Task goal = Scan the material below for the word "Local", then copy every line in which it appears.

Data provided =
Lemma perm_iota_shift p s : perm_eq [seq (j + s) %% p | j <- iota 0 p] (iota 0 p).
Proof.
have [->|p_gt0] := posnP p; first by [].
have uniq_shift : uniq [seq (j + s) %% p | j <- iota 0 p].
  rewrite map_inj_in_uniq ?iota_uniq // => j j'; rewrite !mem_iota !add0n.
  exact: addn_modn_inj.
have sub_shift : {subset [seq (j + s) %% p | j <- iota 0 p] <= iota 0 p}.
  by move=> _ /mapP [j _ ->]; rewrite mem_iota add0n ltn_pmod.
apply: uniq_perm; rewrite ?iota_uniq //.
by apply: (uniq_min_size uniq_shift sub_shift _).2; rewrite size_map.
Qed.

Lemma count_iota_shift p s (a : pred nat) :
  count (fun j => a ((j + s) %% p)) (iota 0 p) = count a (iota 0 p).
Proof. by rewrite -(count_map (fun j => (j + s) %% p)); apply/permP/perm_iota_shift. Qed.

Lemma exists_iota_shift p s j : j < p -> exists2 j', j' < p & (j' + s) %% p = j.
Proof.
move=> lt_jp; have : j \in iota 0 p by rewrite mem_iota.
rewrite -(perm_mem (perm_iota_shift p s)) => /mapP [j'].
by rewrite mem_iota => lt_j'p ->; exists j'.
Qed.

Lemma exists_boundary p (a : pred nat) : 0 < count a (iota 0 p) < p ->
  exists2 c, c < p & a c && ~~ a ((c + 1) %% p).
Proof.
case/andP; rewrite -has_count => /hasP [j0]; rewrite mem_iota add0n => lt_j0p a_j0.
rewrite -{2}(size_iota 0 p) count_lt_size.
case/allPn=> j1; rewrite mem_iota add0n => lt_j1p not_a_j1.
have [/hasP [c]|/hasPn closed] := boolP (has (fun c => a c && ~~ a ((c + 1) %% p)) (iota 0 p)).
  by rewrite mem_iota add0n; exists c.
have a_from_j0 n : a ((j0 + n) %% p).
  elim: n => [|n IHn]; first by rewrite addn0 modn_small.
  have := closed ((j0 + n) %% p); rewrite mem_iota add0n ltn_pmod ?IHn; last by lia.
  by rewrite negbK modnDml addn1 addnS; apply.
have := a_from_j0 (j1 + p - j0).
by rewrite (_ : j0 + _ = j1 + p) ?modnDr ?modn_small ?(negbTE not_a_j1) //; lia.
Qed.

Lemma count_iota_eq1 p (a : pred nat) j : count a (iota 0 p) = 1 -> a 0 -> j < p ->
  a j = (j == 0).
Proof.
case: p => // p /= count_eq1 a0; rewrite a0 add1n in count_eq1.
case: j => [//|j] lt_jp; apply/negP => a_j.
have : has a (iota 1 p) by apply/hasP; exists j.+1; rewrite // mem_iota; lia.
by rewrite has_count; case: count_eq1 => ->.
Qed.

Lemma count_shift_down p (a : pred nat) (e : bool) : 2 < p ->
  count (fun j => ((1 <= j <= p - 2) && a j.+1) || ((j == 0) && e)) (iota 0 p) + a 0 + a 1
  = count a (iota 0 p) + e.
Proof.
case: p => [|[|[|n]]] // _; set b := (fun j => _).
have mid : count b (iota 1 n.+1) = count a (iota 2 n.+1).
  rewrite (iotaDl 1 1) count_map; apply: eq_in_count => j; rewrite mem_iota => rng_j.
  rewrite /b /=; have [-> ->] : (0 < j <= n.+3 - 2) = true /\ (j == 0) = false by lia.
  by rewrite orbF add1n.
have lhs : iota 0 n.+3 = [:: 0] ++ iota 1 n.+1 ++ [:: n.+2].
  by rewrite -(iotaD 1 n.+1 1) addn1.
rewrite {1}lhs (iotaD 0 2 n.+1) !count_cat mid /=.
rewrite /b /= (_ : n.+2 <= n.+3 - 2 = false); last by lia.
rewrite !add0n; clear mid b; lia.
Qed.

Lemma dfa_residual (S : finType) (s0 : S) (d : S -> sym -> S) (F : pred S)
    (L : seq sym -> Prop) w1 w2 :
  dfa_recognizes s0 d F L -> foldl d s0 w1 = foldl d s0 w2 ->
  forall v, L (w1 ++ v) -> L (w2 ++ v).
Proof. by move=> rec eq_w v /rec; rewrite foldl_cat eq_w -foldl_cat => /rec. Qed.

Lemma card_proper_nonempty_subsets (T : finType) (B : {set T}) : B != set0 ->
  #|[set Z : {set T} | (Z != set0) && (Z \proper B)]| = 2 ^ #|B| - 2.
Proof.
move=> B_n0; have -> : [set Z | (Z != set0) && (Z \proper B)] = powerset B :\: [set set0; B].
  by apply/setP => Z; rewrite !inE properEneq negb_or andbA.
rewrite cardsD card_powerset (setIidPr _) ?cards2 1?eq_sym ?B_n0 //.
by apply/subsetP => Z; rewrite !inE => /orP [] /eqP ->; rewrite ?sub0set.
Qed.

Lemma card_ord_lt n p : p <= n -> #|[set j : 'I_n | j < p]| = p.
Proof.
move=> le_pn; have -> : [set j : 'I_n | j < p] = widen_ord le_pn @: 'I_p.
  apply/setP => j; rewrite inE.
  apply/idP/imsetP => [lt_jp|[j' _ ->]]; last exact: (ltn_ord j').
  by exists (Ordinal lt_jp) => //; apply: val_inj.
by rewrite card_imset ?card_ord // => j j' /(congr1 val) /= /val_inj.
Qed.

Section SubsetConstruction.

Variables (k : nat) (pi : nat -> nat).

Local Notation reach := (reach k pi).
Local Notation step := (step k pi).

Lemma reach_cons s x w u : reach s (x :: w) u <-> exists t, step s x t /\ reach t w u.
Proof.
split=> [r|[t [st r]]]; last exact: reach_cons st r.
by inversion r as [|? ? t ? ? st r']; exists t.
Qed.

Lemma reach_cat s w1 w2 u :
  reach s (w1 ++ w2) u <-> exists t, reach s w1 t /\ reach t w2 u.
Proof.
elim: w1 s => [|x w1 IH] s /=.
  split=> [r|[t [r0 r]]]; first by exists s; split=> //; constructor.
  by inversion r0.
rewrite reach_cons; split=> [[t [st /IH [t' [r1 r2]]]]|[t' [/reach_cons [t [st r1]] r2]]].
  by exists t'; split=> //; apply/reach_cons; exists t.
by exists t; split=> //; apply/IH; exists t'.
Qed.

Lemma reach_seq1 s x u : reach s [:: x] u <-> step s x u.
Proof.
rewrite reach_cons; split=> [[t [st r]]|st]; last by exists u; split=> //; constructor.
by inversion r; subst.
Qed.

Lemma step_Qs_a i j t : 1 <= i <= k -> j < pi i ->
  step (Qs i j) sa t <-> t = Qs i ((j + 1) %% pi i).
Proof. by move=> rng_i lt_j; split=> [st|->]; [inversion st | constructor]. Qed.

Lemma reach_Qs_nseq_a i j m t : 1 <= i <= k -> j < pi i ->
  reach (Qs i j) (nseq m sa) t <-> t = Qs i ((j + m) %% pi i).
Proof.
move=> rng_i; elim: m j => [|m IHm] j lt_j /=.
  rewrite addn0 modn_small //; split=> [r|->]; [by inversion r | constructor].
have lt_j1 : (j + 1) %% pi i < pi i by rewrite ltn_pmod //; lia.
have -> : (j + m.+1) %% pi i = ((j + 1) %% pi i + m) %% pi i.
  by rewrite modnDml; congr (_ %% _); lia.
rewrite reach_cons -(IHm _ lt_j1); split=> [[t' [/(step_Qs_a _ rng_i lt_j) -> //]]|r].
by exists (Qs i ((j + 1) %% pi i)); rewrite step_Qs_a.
Qed.

Lemma step_Qs_b_Qhat i j : 1 <= i <= k -> step (Qs i j) sb Qhat <-> j = 0.
Proof. by move=> rng_i; split=> [st|->]; [inversion st | constructor]. Qed.

Lemma reach_Qs_ba i j t : 1 <= i <= k ->
  reach (Qs i j) [:: sb; sa] t <->
  (1 <= j <= pi i - 2 /\ t = Qs i j.+1) \/ (j = 0 /\ exists2 i', 1 <= i' <= k & t = Qs i' 0).
Proof.
move=> rng_i; rewrite reach_cons; split.
  case=> t1 [st1 /reach_seq1 st2]; inversion st1; subst.
    by inversion st2; subst; left.
  by inversion st2 as [i' rng_i'| | | |]; right; split=> //; exists i'.
case=> [[rng_j ->]|[-> [i' rng_i' ->]]].
  by exists (Rs i j); split; [constructor | apply/reach_seq1; constructor].
by exists Qhat; split; [constructor | apply/reach_seq1; constructor].
Qed.

Definition in_config (X : nat -> nat -> bool) (t : nstate) : bool :=
  if t is Qs i j then [&& 1 <= i <= k, j < pi i & X i j] else false.

Definition reaches (w : seq sym) (X : nat -> nat -> bool) : Prop :=
  forall t, reach Qhat w t <-> in_config X t.

Lemma reaches_eq w X Y : reaches w X ->
  (forall i j, 1 <= i <= k -> j < pi i -> X i j = Y i j) -> reaches w Y.
Proof.
move=> rX eqXY t; rewrite rX; case: t => //= i j.
by split=> /and3P [rng_i lt_j]; rewrite eqXY // => ?; apply/and3P.
Qed.

Lemma reach_after_config w X v t : reaches w X ->
  reach Qhat (w ++ v) t <->
  exists i j, [/\ 1 <= i <= k, j < pi i, X i j & reach (Qs i j) v t].
Proof.
move=> rX; rewrite reach_cat; split=> [[t' [/rX]]|].
  by case: t' => //= i j /and3P [? ? ?] r; exists i, j.
by case=> i [j [rng_i lt_j Xij r]]; exists (Qs i j); rewrite rX /= rng_i lt_j Xij.
Qed.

Exercise response =
Local Notation reach := (reach k pi).
Local Notation step := (step k pi).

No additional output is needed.